#### Task to complete
After finding the line with "Lemma proj_mem i x : rho i x \in Xs i." in the entries below, retype exactly each line from there through the line with "Lemma proj_sum_proj i", including that final line.

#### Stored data
◆ ◆ ◆

Lemma optimal_policy_succ x pi :
  (exists w, Jstar_is f b g alpha (next x (pi O)) w) ->
  optimal_policy f b g alpha x pi ->
  argmin_Jstar f b g alpha x (pi O) /\
  optimal_policy f b g alpha (next x (pi O)) (tail pi).
Proof.
move=> [w Jw] [v [Jv cv]].
have [w' cw'] := cost_exists (next x (pi O)) (tail pi).
have v_eq : v = ecost_affine (g x) alpha w' := cost_unique cv (cost_succ cw').
have le_ww' : ecost_le w w' := proj2 Jw _ _ cw'.
have le_w'_Jstar w1 u : Jstar_is f b g alpha (next x u) w1 -> ecost_le w' w1.
  move=> Jw1; apply/(ecost_affine_le (g x) _ _ alpha_gt0); rewrite -v_eq.
  exact: Jstar_le_succ Jv Jw1.
split.
- move=> u w1 w2 Jw1 Jw2; rewrite (Jstar_unique Jw1 Jw).
  exact: ecost_le_trans le_ww' (le_w'_Jstar _ _ Jw2).
- by exists w; split; rewrite // (ecost_le_anti le_ww' (le_w'_Jstar _ _ Jw)).
Qed.

Lemma optimal_policy_cons x u p :
  (forall u', exists w, Jstar_is f b g alpha (next x u') w) ->
  argmin_Jstar f b g alpha x u ->
  optimal_policy f b g alpha (next x u) p ->
  optimal_policy f b g alpha x (pcons u p).
Proof.
move=> Jnext u_min [w [Jw cw]].
have c_cons : cost_is f b g alpha x (pcons u p) (ecost_affine (g x) alpha w).
  exact: cost_succ.
exists (ecost_affine (g x) alpha w); split => //; split; first by exists (pcons u p).
move=> pi c c_pi.
have [w0 Jw0] := Jnext (pi O).
have [ct c_tail] := cost_exists (next x (pi O)) (tail pi).
rewrite (cost_unique c_pi (cost_succ c_tail)) ecost_affine_le //.
exact: ecost_le_trans (u_min _ _ _ Jw Jw0) (proj2 Jw0 _ _ c_tail).
Qed.

Section Domain.
Variable D : X -> Prop.
Hypothesis D_next : forall z u, D z -> D (next z u).
Hypothesis D_min : minima_attained f b g alpha D.

Lemma optimal_policy_argmin_traj t z pi : D z ->
  optimal_policy f b g alpha z pi -> argmin_Jstar f b g alpha (traj f b z pi t) (pi t).
Proof.
elim: t z pi => [|t IHt] z pi Dz pi_opt;
  have [pi0_min tail_opt] := optimal_policy_succ (proj1 D_min _ (D_next (pi O) Dz)) pi_opt.
- exact: pi0_min.
- by rewrite traj_succ; apply: IHt tail_opt; apply: D_next.
Qed.

Lemma optimal_policy_of_law us z : optimal_law f b g alpha D us -> D z ->
  exists p, optimal_policy f b g alpha z (pcons (us z) p).
Proof.
move=> us_opt Dz.
have [w Jw] := proj1 D_min _ (D_next (us z) Dz).
have [p p_opt] := optimal_policy_exists Jw.
exists p; apply: optimal_policy_cons p_opt; last exact: us_opt.
by move=> u'; apply: (proj1 D_min); apply: D_next.
Qed.

Lemma optimal_law_through z0 u0 : argmin_Jstar f b g alpha z0 u0 ->
  exists us, optimal_law f b g alpha D us /\ us z0 = u0.
Proof.
move=> u0_min.
have [ch ch_min] : exists ch : X -> U, forall y, D y -> argmin_Jstar f b g alpha y (ch y).
  apply: (functional_choice (fun y u => D y -> argmin_Jstar f b g alpha y u)) => y.
  case: (classic (D y)) => [/(proj2 D_min) [u u_min] | nDy]; first by exists u.
  by exists (GRing.zero : U).
exists (fun y => if y == z0 then u0 else ch y); split; last by rewrite eqxx.
by move=> y Dy; case: eqP => [->|_]; [exact: u0_min | exact: ch_min].
Qed.

End Domain.
End DynamicProgramming.

Section Projections.
Local Open Scope ring_scope.
Variables (F : fieldType) (X : vectType F) (A : 'End(X)) (r : nat)
  (Xs : 'I_r -> {vspace X}) (rho : 'I_r -> 'End(X)).
Hypothesis Xs_dec : decomposition_over Xs A.
Hypothesis rho_proj : projections Xs rho.

Lemma proj_mem i x : rho i x \in Xs i.
Proof. by case: (rho_proj x). Qed.

Lemma sum_proj x : \sum_(k < r) rho k x = x.
Proof. by case: (rho_proj x). Qed.

Lemma proj_sum_mem (a : 'I_r -> X) : (forall k, a k \in Xs k) ->
  forall i, rho i (\sum_(k < r) a k) = a i.
Proof.
move=> a_mem i; have [_ [_ [Xs_direct _]]] := Xs_dec.
set s := \sum_(k < r) a k; apply/eqP; rewrite -subr_eq0; apply/eqP.
apply: (directv_sum_independent Xs_direct (fun k => rho k s - a k)) => // [k _|].
  by rewrite memvB ?proj_mem.
by rewrite sumrB sum_proj subrr.
Qed.

Lemma proj_sum_proj i (w : 'I_r -> X) : rho i (\sum_(j < r) rho j (w j)) = rho i (w i).
Proof. by rewrite proj_sum_mem // => k; apply: proj_mem. Qed.

Lemma endo_mem i z : z \in Xs i -> A z \in Xs i.
Proof.
have [_ [_ [_ A_inv]]] := Xs_dec.
by move=> z_mem; apply: (subvP (A_inv i)); apply: memv_img.
Qed.

Lemma endo_add_proj_mem i z y : z \in Xs i -> A z + rho i y \in Xs i.
Proof. by move=> z_mem; rewrite memvD ?proj_mem ?endo_mem. Qed.

Lemma proj_endo i x : rho i (A x) = A (rho i x).
Proof.
rewrite -{1}(sum_proj x) linear_sum proj_sum_mem // => k.
by rewrite endo_mem ?proj_mem.
Qed.

End Projections.

Section Decomposition.
Local Open Scope ring_scope.
Variables (F : fieldType) (X U : vectType F) (A : 'End(X)) (B : 'Hom(U, X))
  (r : nat) (Xs : 'I_r -> {vspace X}) (rho : 'I_r -> 'End(X)) (g : X -> R) (alpha : R).
Hypothesis Xs_dec : decomposition_over Xs A.
Hypothesis rho_proj : projections Xs rho.
Hypothesis g_ge0 : forall x, Rle R0 (g x).
Hypothesis g_sep : in_Gs rho g.
Hypothesis alpha_gt0 : Rlt R0 alpha.
Hypothesis min_full : minima_attained A B g alpha (fun _ => True).
Hypothesis min_sub :
  forall i, minima_attained A (fun u => rho i (B u)) g alpha (fun z => z \in Xs i).

Local Notation Bi i := (fun u => rho i (B u)).
Local Notation agree pi pis := (forall i t, rho i (B (pi t)) = rho i (B (pis i t))).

◆ ◆ ◆

#### Answer section
Lemma proj_mem i x : rho i x \in Xs i.
Proof. by case: (rho_proj x). Qed.

Lemma sum_proj x : \sum_(k < r) rho k x = x.
Proof. by case: (rho_proj x). Qed.

Lemma proj_sum_mem (a : 'I_r -> X) : (forall k, a k \in Xs k) ->
  forall i, rho i (\sum_(k < r) a k) = a i.
Proof.
move=> a_mem i; have [_ [_ [Xs_direct _]]] := Xs_dec.
set s := \sum_(k < r) a k; apply/eqP; rewrite -subr_eq0; apply/eqP.
apply: (directv_sum_independent Xs_direct (fun k => rho k s - a k)) => // [k _|].
  by rewrite memvB ?proj_mem.
by rewrite sumrB sum_proj subrr.
Qed.

Lemma proj_sum_proj i (w : 'I_r -> X) : rho i (\sum_(j < r) rho j (w j)) = rho i (w i).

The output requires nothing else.